##### INPUT RECORDS

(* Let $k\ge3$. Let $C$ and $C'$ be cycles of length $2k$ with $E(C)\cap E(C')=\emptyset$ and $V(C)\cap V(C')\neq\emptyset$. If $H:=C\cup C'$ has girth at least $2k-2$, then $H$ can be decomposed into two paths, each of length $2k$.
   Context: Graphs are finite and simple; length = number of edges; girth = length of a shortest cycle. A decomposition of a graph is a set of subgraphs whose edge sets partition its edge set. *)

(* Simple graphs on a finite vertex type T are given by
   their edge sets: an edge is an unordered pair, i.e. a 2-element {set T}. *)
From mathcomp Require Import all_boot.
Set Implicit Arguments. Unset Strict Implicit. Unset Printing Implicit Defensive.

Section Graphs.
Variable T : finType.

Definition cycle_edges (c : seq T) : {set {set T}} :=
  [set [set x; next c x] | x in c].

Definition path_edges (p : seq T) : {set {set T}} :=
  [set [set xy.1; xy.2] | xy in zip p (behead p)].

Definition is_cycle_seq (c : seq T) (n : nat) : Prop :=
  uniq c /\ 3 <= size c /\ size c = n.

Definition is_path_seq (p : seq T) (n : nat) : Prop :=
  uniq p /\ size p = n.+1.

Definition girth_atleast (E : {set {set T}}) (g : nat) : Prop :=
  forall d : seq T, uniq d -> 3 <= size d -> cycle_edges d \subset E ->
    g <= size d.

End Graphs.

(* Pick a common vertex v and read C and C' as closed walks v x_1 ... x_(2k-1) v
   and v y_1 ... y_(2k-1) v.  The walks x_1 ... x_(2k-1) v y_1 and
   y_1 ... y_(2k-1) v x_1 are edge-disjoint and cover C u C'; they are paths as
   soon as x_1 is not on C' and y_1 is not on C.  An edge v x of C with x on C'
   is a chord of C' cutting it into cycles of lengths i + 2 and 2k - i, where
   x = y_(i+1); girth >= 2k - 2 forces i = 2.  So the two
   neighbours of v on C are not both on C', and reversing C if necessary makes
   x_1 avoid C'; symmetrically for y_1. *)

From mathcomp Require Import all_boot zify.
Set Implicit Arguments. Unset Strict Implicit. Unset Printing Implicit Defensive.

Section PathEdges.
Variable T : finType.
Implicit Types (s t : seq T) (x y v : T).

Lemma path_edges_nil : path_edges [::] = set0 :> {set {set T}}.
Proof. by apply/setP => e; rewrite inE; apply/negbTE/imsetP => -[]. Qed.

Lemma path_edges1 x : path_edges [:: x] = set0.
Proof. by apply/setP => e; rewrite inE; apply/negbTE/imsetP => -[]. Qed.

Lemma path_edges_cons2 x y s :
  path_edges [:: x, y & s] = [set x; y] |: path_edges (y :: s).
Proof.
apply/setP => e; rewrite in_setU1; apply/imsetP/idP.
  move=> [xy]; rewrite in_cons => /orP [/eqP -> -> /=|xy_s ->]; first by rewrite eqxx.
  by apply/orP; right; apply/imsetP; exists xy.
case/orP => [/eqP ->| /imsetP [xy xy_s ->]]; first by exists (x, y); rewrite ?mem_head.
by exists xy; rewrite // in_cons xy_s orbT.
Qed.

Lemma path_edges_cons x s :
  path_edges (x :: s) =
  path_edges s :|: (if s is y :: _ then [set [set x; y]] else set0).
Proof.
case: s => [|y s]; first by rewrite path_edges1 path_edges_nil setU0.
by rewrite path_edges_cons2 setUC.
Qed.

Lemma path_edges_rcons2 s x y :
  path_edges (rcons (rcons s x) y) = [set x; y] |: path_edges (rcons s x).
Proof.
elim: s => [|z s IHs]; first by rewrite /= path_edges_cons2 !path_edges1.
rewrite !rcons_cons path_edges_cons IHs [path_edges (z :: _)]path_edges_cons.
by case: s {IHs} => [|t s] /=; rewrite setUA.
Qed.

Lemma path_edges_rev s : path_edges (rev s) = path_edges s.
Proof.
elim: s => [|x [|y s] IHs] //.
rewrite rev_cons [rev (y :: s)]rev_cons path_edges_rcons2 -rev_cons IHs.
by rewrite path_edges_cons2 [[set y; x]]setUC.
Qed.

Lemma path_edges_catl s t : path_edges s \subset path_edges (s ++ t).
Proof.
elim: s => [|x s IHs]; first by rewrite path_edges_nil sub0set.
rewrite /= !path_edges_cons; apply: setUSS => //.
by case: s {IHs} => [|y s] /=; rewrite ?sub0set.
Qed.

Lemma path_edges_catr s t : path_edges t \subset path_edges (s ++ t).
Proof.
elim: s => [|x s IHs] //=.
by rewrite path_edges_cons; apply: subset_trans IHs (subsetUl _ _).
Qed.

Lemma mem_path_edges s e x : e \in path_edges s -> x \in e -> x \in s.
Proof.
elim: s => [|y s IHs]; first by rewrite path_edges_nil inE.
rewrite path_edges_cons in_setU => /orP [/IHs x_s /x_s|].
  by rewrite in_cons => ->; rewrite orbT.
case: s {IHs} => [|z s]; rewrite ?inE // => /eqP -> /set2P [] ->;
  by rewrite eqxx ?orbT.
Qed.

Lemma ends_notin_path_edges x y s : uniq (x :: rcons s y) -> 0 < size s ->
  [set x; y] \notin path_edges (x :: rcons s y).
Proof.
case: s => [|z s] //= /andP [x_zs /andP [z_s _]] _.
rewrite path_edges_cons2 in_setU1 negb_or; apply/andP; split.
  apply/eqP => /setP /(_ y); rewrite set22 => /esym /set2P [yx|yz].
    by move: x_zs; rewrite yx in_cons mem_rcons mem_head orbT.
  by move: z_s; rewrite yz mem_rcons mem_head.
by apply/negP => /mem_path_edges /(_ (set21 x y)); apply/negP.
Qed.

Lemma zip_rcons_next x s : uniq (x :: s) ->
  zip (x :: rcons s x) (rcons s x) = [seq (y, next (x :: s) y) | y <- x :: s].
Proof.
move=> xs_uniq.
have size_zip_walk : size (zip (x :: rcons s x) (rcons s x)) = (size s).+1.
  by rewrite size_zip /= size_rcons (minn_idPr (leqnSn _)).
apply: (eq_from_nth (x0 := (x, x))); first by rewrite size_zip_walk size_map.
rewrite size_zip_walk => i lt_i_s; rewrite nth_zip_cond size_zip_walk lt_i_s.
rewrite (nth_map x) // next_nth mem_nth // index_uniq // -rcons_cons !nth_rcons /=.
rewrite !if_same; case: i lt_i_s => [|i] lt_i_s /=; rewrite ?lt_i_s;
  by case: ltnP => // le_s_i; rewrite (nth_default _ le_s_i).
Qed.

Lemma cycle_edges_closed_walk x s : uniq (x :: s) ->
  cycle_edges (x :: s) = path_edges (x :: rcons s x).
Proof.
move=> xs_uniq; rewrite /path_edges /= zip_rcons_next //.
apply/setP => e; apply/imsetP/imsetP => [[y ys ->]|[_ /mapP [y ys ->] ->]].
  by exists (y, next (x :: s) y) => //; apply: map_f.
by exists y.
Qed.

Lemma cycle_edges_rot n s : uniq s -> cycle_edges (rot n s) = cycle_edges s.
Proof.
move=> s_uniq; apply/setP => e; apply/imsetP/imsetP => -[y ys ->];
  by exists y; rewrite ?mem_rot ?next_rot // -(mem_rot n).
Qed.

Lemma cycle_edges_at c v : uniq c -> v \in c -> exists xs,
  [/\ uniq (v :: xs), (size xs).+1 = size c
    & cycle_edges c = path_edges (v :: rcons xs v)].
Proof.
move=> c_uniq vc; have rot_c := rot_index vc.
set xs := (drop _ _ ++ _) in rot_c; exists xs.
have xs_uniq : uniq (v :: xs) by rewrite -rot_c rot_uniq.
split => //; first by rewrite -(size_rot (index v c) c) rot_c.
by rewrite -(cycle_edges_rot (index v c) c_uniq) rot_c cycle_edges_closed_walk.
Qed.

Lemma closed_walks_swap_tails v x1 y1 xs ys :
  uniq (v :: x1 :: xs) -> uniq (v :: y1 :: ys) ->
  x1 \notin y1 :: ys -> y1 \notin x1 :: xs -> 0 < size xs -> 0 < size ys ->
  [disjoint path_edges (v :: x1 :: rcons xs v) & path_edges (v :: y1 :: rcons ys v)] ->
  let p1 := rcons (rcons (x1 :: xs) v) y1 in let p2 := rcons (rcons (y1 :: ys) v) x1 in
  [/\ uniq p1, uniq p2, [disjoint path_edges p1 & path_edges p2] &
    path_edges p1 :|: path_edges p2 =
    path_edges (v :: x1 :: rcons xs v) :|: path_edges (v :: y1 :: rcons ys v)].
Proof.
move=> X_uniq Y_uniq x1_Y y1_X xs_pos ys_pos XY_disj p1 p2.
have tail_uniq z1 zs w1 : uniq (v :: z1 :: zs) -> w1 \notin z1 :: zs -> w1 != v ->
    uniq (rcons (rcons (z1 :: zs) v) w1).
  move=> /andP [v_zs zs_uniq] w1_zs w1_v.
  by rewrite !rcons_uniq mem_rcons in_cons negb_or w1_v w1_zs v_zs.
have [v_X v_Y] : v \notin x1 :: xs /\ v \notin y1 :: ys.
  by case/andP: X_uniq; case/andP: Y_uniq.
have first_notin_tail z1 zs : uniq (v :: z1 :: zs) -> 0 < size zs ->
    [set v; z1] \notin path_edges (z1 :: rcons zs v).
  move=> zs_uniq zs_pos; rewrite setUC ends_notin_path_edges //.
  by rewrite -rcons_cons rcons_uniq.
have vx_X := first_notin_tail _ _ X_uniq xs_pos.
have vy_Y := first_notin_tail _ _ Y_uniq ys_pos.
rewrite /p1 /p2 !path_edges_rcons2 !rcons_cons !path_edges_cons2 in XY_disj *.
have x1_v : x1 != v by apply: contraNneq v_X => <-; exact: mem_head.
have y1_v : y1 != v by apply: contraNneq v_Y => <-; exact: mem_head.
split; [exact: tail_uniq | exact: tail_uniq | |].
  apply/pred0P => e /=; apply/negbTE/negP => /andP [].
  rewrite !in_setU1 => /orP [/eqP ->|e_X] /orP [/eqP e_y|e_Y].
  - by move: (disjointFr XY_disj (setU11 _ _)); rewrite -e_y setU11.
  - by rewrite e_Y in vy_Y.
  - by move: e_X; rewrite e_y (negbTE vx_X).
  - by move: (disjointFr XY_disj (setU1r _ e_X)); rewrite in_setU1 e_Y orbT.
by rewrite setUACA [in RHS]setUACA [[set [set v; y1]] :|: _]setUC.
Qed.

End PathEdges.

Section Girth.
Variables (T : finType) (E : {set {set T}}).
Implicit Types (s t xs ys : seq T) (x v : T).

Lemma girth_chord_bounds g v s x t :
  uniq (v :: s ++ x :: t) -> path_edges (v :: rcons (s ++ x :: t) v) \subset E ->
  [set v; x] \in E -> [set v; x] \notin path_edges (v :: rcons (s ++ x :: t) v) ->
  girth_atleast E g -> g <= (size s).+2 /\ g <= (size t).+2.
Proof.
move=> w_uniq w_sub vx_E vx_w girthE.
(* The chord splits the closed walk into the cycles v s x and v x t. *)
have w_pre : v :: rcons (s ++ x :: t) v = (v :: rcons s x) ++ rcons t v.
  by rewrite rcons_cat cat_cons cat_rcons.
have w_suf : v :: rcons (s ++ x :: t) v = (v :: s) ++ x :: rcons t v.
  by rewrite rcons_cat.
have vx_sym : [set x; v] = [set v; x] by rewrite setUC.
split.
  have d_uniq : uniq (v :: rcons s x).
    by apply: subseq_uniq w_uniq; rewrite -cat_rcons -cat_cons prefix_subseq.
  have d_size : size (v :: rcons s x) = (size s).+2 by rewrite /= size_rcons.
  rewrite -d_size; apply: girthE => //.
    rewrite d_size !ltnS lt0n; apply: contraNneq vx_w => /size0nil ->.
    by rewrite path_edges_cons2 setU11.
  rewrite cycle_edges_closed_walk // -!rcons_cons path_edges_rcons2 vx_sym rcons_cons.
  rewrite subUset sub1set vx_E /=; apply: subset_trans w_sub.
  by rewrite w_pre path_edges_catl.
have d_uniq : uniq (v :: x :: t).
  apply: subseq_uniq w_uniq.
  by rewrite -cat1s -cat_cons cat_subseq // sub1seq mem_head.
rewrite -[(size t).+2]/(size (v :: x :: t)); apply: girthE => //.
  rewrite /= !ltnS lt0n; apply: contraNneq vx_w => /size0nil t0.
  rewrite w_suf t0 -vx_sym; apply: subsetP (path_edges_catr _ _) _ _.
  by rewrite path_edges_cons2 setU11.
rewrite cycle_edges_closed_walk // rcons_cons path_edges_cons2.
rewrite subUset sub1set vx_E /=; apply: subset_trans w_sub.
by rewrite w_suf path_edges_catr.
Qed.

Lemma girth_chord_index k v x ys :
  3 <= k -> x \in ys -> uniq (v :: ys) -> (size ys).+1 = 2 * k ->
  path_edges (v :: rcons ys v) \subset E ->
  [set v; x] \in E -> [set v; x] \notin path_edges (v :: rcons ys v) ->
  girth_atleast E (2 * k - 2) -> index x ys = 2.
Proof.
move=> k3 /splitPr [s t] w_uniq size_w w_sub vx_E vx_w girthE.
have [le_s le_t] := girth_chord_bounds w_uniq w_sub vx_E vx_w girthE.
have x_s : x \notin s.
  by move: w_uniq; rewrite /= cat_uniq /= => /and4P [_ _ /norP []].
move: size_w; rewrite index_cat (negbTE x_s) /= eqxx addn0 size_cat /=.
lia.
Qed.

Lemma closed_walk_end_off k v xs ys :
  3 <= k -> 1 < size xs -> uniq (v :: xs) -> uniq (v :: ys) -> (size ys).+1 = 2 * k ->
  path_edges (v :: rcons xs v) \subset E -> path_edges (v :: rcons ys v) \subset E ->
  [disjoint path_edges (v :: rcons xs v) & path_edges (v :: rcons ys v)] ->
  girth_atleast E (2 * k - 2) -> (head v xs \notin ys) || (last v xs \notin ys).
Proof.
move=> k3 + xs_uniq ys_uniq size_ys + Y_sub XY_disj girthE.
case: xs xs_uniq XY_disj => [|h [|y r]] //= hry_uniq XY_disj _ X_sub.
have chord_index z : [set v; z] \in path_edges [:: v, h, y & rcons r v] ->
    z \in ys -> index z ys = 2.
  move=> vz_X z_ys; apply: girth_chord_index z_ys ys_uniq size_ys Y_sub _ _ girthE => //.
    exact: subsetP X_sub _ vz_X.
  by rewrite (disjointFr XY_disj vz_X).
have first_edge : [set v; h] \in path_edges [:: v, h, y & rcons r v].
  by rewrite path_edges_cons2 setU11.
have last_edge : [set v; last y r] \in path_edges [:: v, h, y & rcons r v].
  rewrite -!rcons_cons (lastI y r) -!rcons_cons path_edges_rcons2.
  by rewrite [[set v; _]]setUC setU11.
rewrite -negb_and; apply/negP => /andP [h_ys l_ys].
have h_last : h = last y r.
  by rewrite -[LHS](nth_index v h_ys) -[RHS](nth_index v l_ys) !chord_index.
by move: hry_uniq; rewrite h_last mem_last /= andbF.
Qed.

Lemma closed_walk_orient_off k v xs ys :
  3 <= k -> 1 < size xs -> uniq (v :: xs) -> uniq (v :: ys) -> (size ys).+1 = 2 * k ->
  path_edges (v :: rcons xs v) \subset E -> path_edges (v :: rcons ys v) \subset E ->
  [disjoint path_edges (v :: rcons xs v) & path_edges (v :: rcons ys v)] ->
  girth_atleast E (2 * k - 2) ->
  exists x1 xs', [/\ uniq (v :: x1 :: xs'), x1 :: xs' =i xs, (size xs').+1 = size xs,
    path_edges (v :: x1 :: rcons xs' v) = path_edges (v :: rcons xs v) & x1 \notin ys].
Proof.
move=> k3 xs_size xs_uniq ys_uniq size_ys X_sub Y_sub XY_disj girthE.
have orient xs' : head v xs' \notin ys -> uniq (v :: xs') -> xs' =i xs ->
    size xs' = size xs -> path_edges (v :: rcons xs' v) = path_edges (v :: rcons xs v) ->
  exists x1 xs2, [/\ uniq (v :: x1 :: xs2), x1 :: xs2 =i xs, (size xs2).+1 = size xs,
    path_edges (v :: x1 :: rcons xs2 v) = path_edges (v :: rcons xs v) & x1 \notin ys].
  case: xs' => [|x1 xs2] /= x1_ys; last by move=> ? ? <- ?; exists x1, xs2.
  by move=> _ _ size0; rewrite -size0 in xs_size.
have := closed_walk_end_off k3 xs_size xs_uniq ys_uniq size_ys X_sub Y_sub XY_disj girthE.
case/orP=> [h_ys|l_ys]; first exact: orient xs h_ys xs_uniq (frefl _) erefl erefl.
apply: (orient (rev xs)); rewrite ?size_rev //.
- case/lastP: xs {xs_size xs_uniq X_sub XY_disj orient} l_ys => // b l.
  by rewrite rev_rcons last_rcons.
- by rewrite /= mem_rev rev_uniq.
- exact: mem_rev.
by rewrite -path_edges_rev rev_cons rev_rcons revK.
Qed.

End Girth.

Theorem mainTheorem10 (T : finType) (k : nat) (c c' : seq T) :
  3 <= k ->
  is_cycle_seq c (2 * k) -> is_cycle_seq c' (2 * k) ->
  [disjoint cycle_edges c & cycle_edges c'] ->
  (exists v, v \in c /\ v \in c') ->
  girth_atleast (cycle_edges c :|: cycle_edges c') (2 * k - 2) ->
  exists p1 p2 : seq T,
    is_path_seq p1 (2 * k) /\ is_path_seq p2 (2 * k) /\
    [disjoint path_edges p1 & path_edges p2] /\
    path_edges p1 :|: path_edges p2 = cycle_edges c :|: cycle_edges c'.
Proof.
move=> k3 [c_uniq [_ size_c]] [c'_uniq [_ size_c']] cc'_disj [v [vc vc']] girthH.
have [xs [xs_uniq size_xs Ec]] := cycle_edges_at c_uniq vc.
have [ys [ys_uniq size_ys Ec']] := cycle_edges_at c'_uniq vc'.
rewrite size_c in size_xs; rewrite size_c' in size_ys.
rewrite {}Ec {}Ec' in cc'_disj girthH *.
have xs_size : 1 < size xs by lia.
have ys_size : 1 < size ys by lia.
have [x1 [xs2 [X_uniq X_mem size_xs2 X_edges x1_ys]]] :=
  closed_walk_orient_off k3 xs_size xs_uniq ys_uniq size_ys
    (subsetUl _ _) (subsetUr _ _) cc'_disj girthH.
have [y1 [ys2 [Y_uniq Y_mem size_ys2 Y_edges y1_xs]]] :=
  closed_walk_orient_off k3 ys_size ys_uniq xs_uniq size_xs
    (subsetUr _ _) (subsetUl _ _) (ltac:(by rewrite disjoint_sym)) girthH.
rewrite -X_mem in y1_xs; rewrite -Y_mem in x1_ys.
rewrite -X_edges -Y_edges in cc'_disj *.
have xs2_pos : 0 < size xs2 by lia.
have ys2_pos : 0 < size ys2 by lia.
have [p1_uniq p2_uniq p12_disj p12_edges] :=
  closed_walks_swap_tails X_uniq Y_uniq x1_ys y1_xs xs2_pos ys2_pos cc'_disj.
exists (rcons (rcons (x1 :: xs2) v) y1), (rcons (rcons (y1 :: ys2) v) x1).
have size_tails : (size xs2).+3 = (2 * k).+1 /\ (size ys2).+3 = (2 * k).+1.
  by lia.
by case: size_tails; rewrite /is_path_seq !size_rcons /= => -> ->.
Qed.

##########

- **EXERCISE OBJECTIVE**
Which lines above run from the one containing "forall d : seq" down to the one containing "y_1 ... y_(2k-1) v x_1"? Repeat exactly those, both ends included, and nothing else.

- **TASK RESULT**
  forall d : seq T, uniq d -> 3 <= size d -> cycle_edges d \subset E ->
    g <= size d.

End Graphs.

(* Pick a common vertex v and read C and C' as closed walks v x_1 ... x_(2k-1) v
   and v y_1 ... y_(2k-1) v.  The walks x_1 ... x_(2k-1) v y_1 and
   y_1 ... y_(2k-1) v x_1 are edge-disjoint and cover C u C'; they are paths as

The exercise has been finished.